Similarly, the oddball paradigm had to be adapted to the current aim of the study. The recording was done with moderate tone intensity and closed eyes in order to follow the VIGALL SOPs of arousal assessment as far as possible. However, there is some evidence that recording with closed eyes does not compromise the standard oddball condition [75]. In addition, the typical duration was largely extended (compared to standard oddball paradigms) in order to get enough EEG-vigilance stage variability. These changes might have reduced EPs amplitudes and their reliabilities.
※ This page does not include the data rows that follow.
(* Let $n\ge q\ge1$ and write $n=(2^q-1)v+w$ with $v=\lfloor n/(2^q-1)\rfloor$ and $w\in\{0,1,\dots,2^q-2\}$. For any blocked $2^n$ factorial in blocks of size $2^q$ whose generator matrix $X$ has all columns in $\mathcal{X}_q$ (so that all main effects are estimable), the number of estimable two-factor interactions is at most $$\phi_{\max}=\binom{n}{2}-vw-(2^q-1)\binom{v}{2}.$$
   Context: A blocked $2^n$ factorial in blocks of size $2^q$ is specified by a $q\times n$ generator matrix $X$ over $\mathrm{GF}(2)$ of rank $q$: the principal block is the row space of $X$ and the other blocks are its cosets in $\mathrm{GF}(2)^n$. An effect of a set $S$ of factors, with contrast $(-1)^{\sum_{j\in S}x_j}$, is estimable iff its contrast sums to zero over every block; equivalently the two-factor interaction $F_jF_k$ is estimable iff columns $j$ and $k$ of $X$ differ. $\mathcal{X}_q$ is the set of the $2^q-1$ nonzero $q\times1$ vectors over $\mathrm{GF}(2)$. *)

From HB Require Import structures.
From mathcomp Require Import all_boot all_order all_algebra.
Set Implicit Arguments. Unset Strict Implicit. Unset Printing Implicit Defensive.
Import GRing.Theory Num.Theory.

(* Treatment combinations of a 2^n factorial: row vectors x in GF(2)^n. *)

Definition contrast (n : nat) (S : {set 'I_n}) (x : 'rV['F_2]_n) : int :=
  (-1) ^+ (\sum_(j in S) (val (x ord0 j)))%N.

Definition block (q n : nat) (X : 'M['F_2]_(q, n)) (a : 'rV['F_2]_n)
  : {set 'rV['F_2]_n} :=
  [set x : 'rV['F_2]_n | ((x - a)%R <= X)%MS].

Definition estimable (q n : nat) (X : 'M['F_2]_(q, n)) (S : {set 'I_n}) : bool :=
  [forall a : 'rV['F_2]_n, (\sum_(x in block X a) contrast S x)%R == 0%R].

Definition num_estimable_2fi (q n : nat) (X : 'M['F_2]_(q, n)) : nat :=
  #|[set S : {set 'I_n} | (#|S| == 2) && estimable X S]|.

From HB Require Import structures.
From mathcomp Require Import all_boot all_order all_algebra.
From mathcomp Require Import zify ring.
Import GRing.Theory Num.Theory.

(* Group the factors by the column they receive in the generator matrix X.
   If F_j and F_k share a column, the contrast of F_jF_k is identically 1 on
   the principal block (the row space of X), so F_jF_k is not estimable.
   Hence every estimable 2-subset of factors meets two different column
   classes, which gives  #estimable + sum_c C(n_c, 2) <= C(n, 2),  where n_c
   is the number of factors with column c.  Since no column is zero, the n_c
   are indexed by the m = 2^q - 1 nonzero vectors and sum to n; the tangent
   line estimate  v x <= C(x,2) + C(v+1,2)  (v = n div m) shows that
   sum_c C(n_c, 2) >= v w + m C(v, 2)  with  w = n mod m, the value for the
   balanced split into classes of sizes v and v + 1.  The file proves
   the non-estimability lemma, the pair-counting lemma for an arbitrary map
   between finite types, and the balanced-split inequality, then combines
   them. *)

Local Open Scope ring_scope.

Lemma contrast_pair_principal {q n : nat} {X : 'M['F_2]_(q, n)} {j k : 'I_n} :
  j != k -> col j X = col k X ->
  forall x, x \in block X 0 -> contrast [set j; k] x = 1%R.
Proof.
move=> njk ejk x; rewrite inE subr0 => /submxP [D ->].
rewrite /contrast big_setU1 ?inE //= big_set1.
have -> : (D *m X) ord0 k = (D *m X) ord0 j.
  rewrite !mxE; apply: eq_bigr => i _.
  by have := congr1 (fun c : 'cV['F_2]_q => c i ord0) ejk; rewrite !mxE => ->.
by rewrite addnn -mul2n exprM sqrrN !expr1n.
Qed.

(* Consequently a two-factor interaction between factors with equal columns
   is not estimable: its contrast sums to #|principal block| > 0 there. *)
Lemma equal_columns_not_estimable {q n : nat} {X : 'M['F_2]_(q, n)} {j k : 'I_n} :
  j != k -> col j X = col k X -> ~~ estimable X [set j; k].
Proof.
move=> njk ejk; apply/negP => /forallP /(_ 0%R) /eqP.
rewrite (eq_bigr _ (contrast_pair_principal njk ejk)) sumr_const.
apply/eqP; rewrite -mulr_natl mulr1 pnatr_eq0 -lt0n; apply/card_gt0P.
by exists 0%R; rewrite inE subr0 sub0mx.
Qed.

Local Close Scope ring_scope.

Definition fibre {T U : finType} (f : T -> U) (u : U) : {set T} :=
  [set x | f x == u].

Lemma sum_card_fibres (T U : finType) (f : T -> U) :
  \sum_u #|fibre f u| = #|T|.
Proof.
under eq_bigr => u _ do rewrite -sum1_card big_mkcond /=.
rewrite exchange_big /= -sum1_card; apply: eq_bigr => x _.
rewrite (bigD1 (f x)) //= inE eqxx big1 // => u nux.
by rewrite inE eq_sym (negbTE nux).
Qed.

(* A family E of 2-subsets of T containing no pair inside a fibre of f is
   disjoint from the pairs inside the fibres, so together they number at
   most C(#|T|, 2). *)
Lemma pairs_across_fibres (T U : finType) (f : T -> U) (E : {set {set T}}) :
  (forall S, S \in E -> #|S| = 2) ->
  (forall x y, x != y -> f x = f y -> [set x; y] \notin E) ->
  #|E| + \sum_u 'C(#|fibre f u|, 2) <= 'C(#|T|, 2).
Proof.
move=> E2 Esplit.
have card_sum (A : {set {set T}}) : #|A| = \sum_S (S \in A : nat).
  by rewrite -sum1_card big_mkcond.
under eq_bigr => u _ do rewrite -cards_draws card_sum.
rewrite -card_draws !card_sum exchange_big -big_split /=.
apply: leq_sum => S _; rewrite !inE.
have [/cards2P [x [y [nxy ->]]] | nS2] := boolP (#|S| == 2); last first.
  have SE : S \notin E by apply: contra nS2 => /E2 ->.
  by rewrite (negbTE SE) big1 // => u _; rewrite inE (negbTE nS2) andbF.
rewrite (bigD1 (f x)) //= big1 => [|u /negbTE nux]; last first.
  by rewrite inE subUset !sub1set !inE [f x == u]eq_sym nux.
rewrite inE subUset !sub1set !inE eqxx /= addn0 cards2 nxy andbT.
case: eqP => [fyx | _]; last by rewrite addn0 leq_b1.
by rewrite (negbTE (Esplit _ _ nxy (esym fyx))).
Qed.

Lemma bin2_double (x : nat) : 'C(x, 2) * 2 = x * x.-1.
Proof. by elim: x => [|[|x] IH] //; rewrite binS bin1 mulnDl IH; nia. Qed.

(* Tangent-line bound for the convex function x |-> C(x, 2) at the integer
   point between v and v + 1:  v x <= C(x, 2) + C(v + 1, 2). *)
Lemma bin2_tangent (x v : nat) : v * x <= 'C(x, 2) + 'C(v.+1, 2).
Proof.
rewrite -(leq_pmul2r (isT : 0 < 2)) mulnDl !bin2_double /=.
have [x_le_v | v_lt_x] := leqP x v.
- have [d ->] : exists d, v = x + d by exists (v - x); lia.
  case: x x_le_v => [|x] /=; nia.
- have [d ->] : exists d, x = v.+1 + d by exists (x - v.+1); lia.
  simpl; nia.
Qed.

Lemma balanced_split (I : finType) (A : {pred I}) (a : I -> nat) (n : nat) :
  \sum_(i in A) a i = n ->
  n %/ #|A| * (n %% #|A|) + #|A| * 'C(n %/ #|A|, 2) <= \sum_(i in A) 'C(a i, 2).
Proof.
move=> sum_a; set m := #|A|; set v := n %/ m; set w := n %% m.
have tangent : v * n <= \sum_(i in A) 'C(a i, 2) + m * 'C(v.+1, 2).
  rewrite -sum_a big_distrr /= -sum_nat_const -big_split /=.
  by apply: leq_sum => i _; apply: bin2_tangent.
have n_def : n = v * m + w by apply: divn_eq.
have binS_v : 'C(v.+1, 2) = 'C(v, 2) + v by rewrite binS bin1.
have sq_v : v * v = 'C(v, 2) * 2 + v by rewrite bin2_double; case: (v) => //= k; nia.
have sq_vm : v * v * m = m * 'C(v, 2) * 2 + m * v by rewrite sq_v; ring.
move: tangent; rewrite binS_v {1}n_def mulnDr mulnA sq_vm.
move: (\sum_(i in A) _) => s; lia.
Qed.

Lemma card_nonzero_columns (q : nat) :
  #|[pred c : 'cV['F_2]_q | c != 0%R]| = 2 ^ q - 1.
Proof. by rewrite cardC1 card_mx card_ord muln1 subn1. Qed.

(* Main bound; it only uses that every column of X is nonzero. *)
Theorem theorem2 (q n : nat) (X : 'M['F_2]_(q, n)) :
  1 <= q -> q <= n ->
  \rank X = q ->
  (forall j : 'I_n, col j X != 0%R) ->
  num_estimable_2fi X <=
    'C(n, 2) - (n %/ (2 ^ q - 1)) * (n %% (2 ^ q - 1))
             - (2 ^ q - 1) * 'C(n %/ (2 ^ q - 1), 2).
Proof.
move=> _ _ _ nonzero_cols.
pose column (j : 'I_n) := col j X.
have zero_fibre : fibre column 0%R = set0.
  by apply/setP => j; rewrite !inE (negbTE (nonzero_cols j)).
have drop_zero_fibre (F : nat -> nat) : F 0 = 0 ->
    \sum_c F #|fibre column c| = \sum_(c | c != 0%R) F #|fibre column c|.
  by move=> F0; rewrite (bigD1 0%R) //= zero_fibre cards0 F0.
have across : num_estimable_2fi X
    + \sum_(c | c != 0%R) 'C(#|fibre column c|, 2) <= 'C(n, 2).
  rewrite -(drop_zero_fibre (binomial^~ 2)) // -[n in 'C(n, 2)]card_ord.
  apply: pairs_across_fibres => [S | j k njk ejk]; rewrite inE.
  - by case/andP => /eqP.
  - by rewrite negb_and (equal_columns_not_estimable njk ejk) orbT.
have sizes : \sum_(c | c != 0%R) #|fibre column c| = n.
  by rewrite -(drop_zero_fibre id) // sum_card_fibres card_ord.
have balanced : n %/ (2 ^ q - 1) * (n %% (2 ^ q - 1))
    + (2 ^ q - 1) * 'C(n %/ (2 ^ q - 1), 2)
    <= \sum_(c | c != 0%R) 'C(#|fibre column c|, 2).
  by rewrite -card_nonzero_columns; apply: balanced_split.
lia.
Qed.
Finally, one might argue that the association between EPs/performance and EEG-vigilance stages might partly reflect habituation and exhaustion effects, because the longer the recording duration the more habituation, exhaustion and the more low arousal states might occur. However, there are several arguments that the EP and performance changes mainly result from arousal changes. Firstly, our study recording time was still moderate, compared with recording times of either 3 h or over the course of several nights that is the recording time of other studies [3, 9, 10, 22]. Secondly, subjects were awoken and activated in each case where sleep lasted more than 5 min. Therefore, during the 2 h EEG-vigilance stages were quite equally distributed (see Additional file 5: Table S7), which can be expected to avoid a confounding of EEG-vigilance stages with time-on-task effects. Finally, in order to further verify that arousal effects on EPs occur independently of habituation effects, we analyzed the effects of brain arousal on standard N1, while reducing time-on-task effects as outlined in the following. We chose the N1 because this component is very strongly affected by habituation [76]. We segmented our entire EEG segment into four 30-min-blocks (minute 1–30, 31–60, 61–90 and 91–120). We then computed the averaged amplitudes for standard N1 during stages A and B2/3&C within each time block (i.e. \(\overline{N1}\) A,block1, …; \(\overline{N1}\) B2/3&C,block1, …), respectively (at least 20 epochs in the respective stage and in each time block were required). To control the effect of time-on-task during the 2 h, the averages of averages (from block 1 to 4) during stages A and B2/3&C were then computed. In the ignored condition, \(\overline{{{\text{N}}1}}\) A(block1-4) was still significantly larger than \(\overline{{{\text{N}}1}}\) B2/3&C(block1-4) [\(\overline{N1}\) A(block1-4) = −1.7 µV, \(\overline{N1}\) B2/3&C(block1-4) = −0.6 µV, t (24) = −3.940, p < .01]; and in the attended condition, similar difference has been obtained [\(\overline{N1}\) A(block1-4) = −1.4 µV, \(\overline{N1}\) B2/3&C(block1-4) = − 0.3 µV, t (21) = −4.616, p < .001]. These results together with the equal distribution of arousal states across the 2 h, suggest that the decrement of EPs during lower EEG-vigilance stages is caused not only by time-on-task, it was also caused by the decline of EEG-vigilance stages.

Conclusion

In conclusion, for the first time, the present study demonstrated the sensitivity of EP components and behavioral performance to EEG-vigilance stages A, B1 and B2/3&C, thereby contributing to the validation of VIGALL. The directions of the EP-arousal associations were as expected from previous studies, which applied less fine-graded arousal classifications. With decreasing arousal, a decrease of N1 and an increase of P1, P2 and N300 were found. By applying VIGALL, a more detailed view on these arousal associations was possible, such as the finding that P2 showed no further amplitude increase in stages deeper than B1. In the second step of analyses, no differences in EPs and performance could be shown for stage 0 compared with A-stages. However, the sensitivities of EPs and performance to the other single stages (A-substages, B1, B2/3 and C) have been partly confirmed. As limitation of the current study, those analyses comparing single stages were partly based on small sample sizes and future studies should take effort to get enough epochs of these stages, e.g. by an overnight EEG. Nonetheless, the main findings of a clear arousal dependency of EPs and performance clearly point to the necessity to control or consider arousal effects when interpreting EPs.